What is Alzheimer's? 

As described by the Alzheimer's Association, "Alzheimer's is a type of dementia that affects memory, thinking, and behavior." It is  named after Dr. Alois Alzheimer, who discovered it in 1906 and characterized it as a peculiar disease. 

It is a progressive form of dementia that gradually destroys someone’s memory and thinking abilities. Even the simplest tasks are hard to perform. Thus, it could affect an elderly person’s cognitive functions and they need someone to rely on to carry out basic activities of daily living.

According to WHO (World Health Organization), around 50 million people have dementia worldwide, and 60-70% of those cases  have Alzheimer's disease.

Symptoms of Alzheimer's

Its cause might be difficult to understand, but it could be distinguished based on its symptoms. Alzheimer's has three stages of symptoms, as explained below:

Mild Alzheimer's disease - a person might suffer severe memory loss and other cognitive difficulties. 

Moderate Alzheimer's disease - affects language, sensory processing, and reasoning. 

Severe Alzheimer's disease - plaques (beta-amyloid) and tangles (tau) gradually kill nerve cells. Plus, the brain shrinks substantially. Communicating and reasoning with such patients becomes impossible. They also need 24/7 assistance from a caregiver as they may become bedridden. 

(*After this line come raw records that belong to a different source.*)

Lemma hip_continuity_pt a b (u v : R -> H) x : a <= b -> hcont_on a b u -> hcont_on a b v ->
  continuity_pt (fun s => hip (u (clamp a b s)) (v (clamp a b s))) x.
Proof.
  intros Hab Hu Hv. apply continuity_pt_of_eps_delta. intros eps Heps.
  set (t := clamp a b x). assert (Ht : a <= t <= b) by (apply clamp_in, Hab).
  set (K := 1 + hnorm (u t) + hnorm (v t)).
  pose proof (hnorm_nonneg (u t)). pose proof (hnorm_nonneg (v t)).
  (* with [|u s - u t|, |v s - v t| <= eta <= 1], the bound of [Rabs_hip_sub_le] is [<= eta K] *)
  set (eta := Rmin 1 (eps / (2 * K))).
  assert (Heta : 0 < eta) by (apply Rmin_pos; [lra | apply Rdiv_lt_0_compat; unfold K; lra]).
  assert (HetaK : eta * K <= eps / 2).
  { apply Rle_trans with (eps / (2 * K) * K); [apply Rmult_le_compat_r; [unfold K; lra | apply Rmin_r] |].
    right. field. unfold K. lra. }
  destruct (Hu t Ht eta Heta) as [d1 [Hd1 Hus]].
  destruct (Hv t Ht eta Heta) as [d2 [Hd2 Hvs]].
  exists (Rmin d1 d2). split; [apply Rmin_pos; assumption |]. intros y Hy.
  set (s := clamp a b y). assert (Hs : a <= s <= b) by (apply clamp_in, Hab).
  assert (Hst : Rabs (s - t) < Rmin d1 d2)
    by (eapply Rle_lt_trans; [apply clamp_lipschitz, Hab | exact Hy]).
  specialize (Hus s Hs (Rlt_le_trans _ _ _ Hst (Rmin_l _ _))).
  specialize (Hvs s Hs (Rlt_le_trans _ _ _ Hst (Rmin_r _ _))).
  pose proof (Rabs_hip_sub_le (u s) (v s) (u t) (v t)).
  pose proof (hnorm_nonneg (hsub (u s) (u t))). pose proof (hnorm_nonneg (hsub (v s) (v t))).
  assert (eta <= 1) by apply Rmin_l.
  unfold K in HetaK. fold s t. nra.
Qed.

End ContinuousPaths.

Lemma solution_coord_diff_derivable {H : HSpace} (e : nat -> H) lam F T (u1 u2 : R -> H) n t :
  is_solution e lam F T u1 -> is_solution e lam F T u2 -> -T < t < 0 ->
  derivable_pt_lim (fun s => hip (hsub (u1 s) (u2 s)) (e n)) t
    (- lam n ^ 2 * hip (hsub (u1 t) (u2 t)) (e n)
     - lam n * hip (hsub (F (u1 t)) (F (u2 t))) (e n)).
Proof.
  intros [_ Hd1] [_ Hd2] Ht.
  apply (derivable_pt_lim_ext (minus_fct (fun s => hip (u1 s) (e n)) (fun s => hip (u2 s) (e n)))).
  { intros s. symmetry. apply hip_sub_l. }
  rewrite !hip_sub_l.
  replace (- lam n ^ 2 * (hip (u1 t) (e n) - hip (u2 t) (e n))
           - lam n * (hip (F (u1 t)) (e n) - hip (F (u2 t)) (e n)))
    with ((- lam n ^ 2 * hip (u1 t) (e n) - lam n * hip (F (u1 t)) (e n))
          - (- lam n ^ 2 * hip (u2 t) (e n) - lam n * hip (F (u2 t)) (e n))) by ring.
  apply derivable_pt_lim_minus; [apply Hd1 | apply Hd2]; exact Ht.
Qed.

Lemma lipschitz_bessel {H : HSpace} (e : nat -> H) (F : H -> H) L x y M :
  orthonormal_basis e -> 0 <= L -> lipschitz_with F L ->
  psum (fun n => hip (hsub (F x) (F y)) (e n) ^ 2) M <= L ^ 2 * hip (hsub x y) (hsub x y).
Proof.
  intros Ho HL HF. eapply Rle_trans; [apply bessel, Ho |].
  rewrite <- !hnorm_sq.
  pose proof (HF x y). pose proof (hnorm_nonneg (hsub (F x) (F y))).
  pose proof (hnorm_nonneg (hsub x y)). nra.
Qed.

Who is likely to get this?

Unfortunately, Alzheimer's disease is not only for the elderly. There are two types of it, namely, Early-onset Alzheimer's disease (30s to mid-60s) and Late-onset Alzheimer's disease.(mid-60s and above).

How to support someone with Alzheimer’s?

As cognitive and emotional abilities decline day by day, it  forces a patient to feel isolated.  They might also refuse favorite hobbies or pastimes because they’ve  forgotten how to do it, or lost their zest for life.

Sadly, there is no definite cure or medication for Alzheimer's yet. The best thing to do is put them under various therapies that can improve their well-being and mental health.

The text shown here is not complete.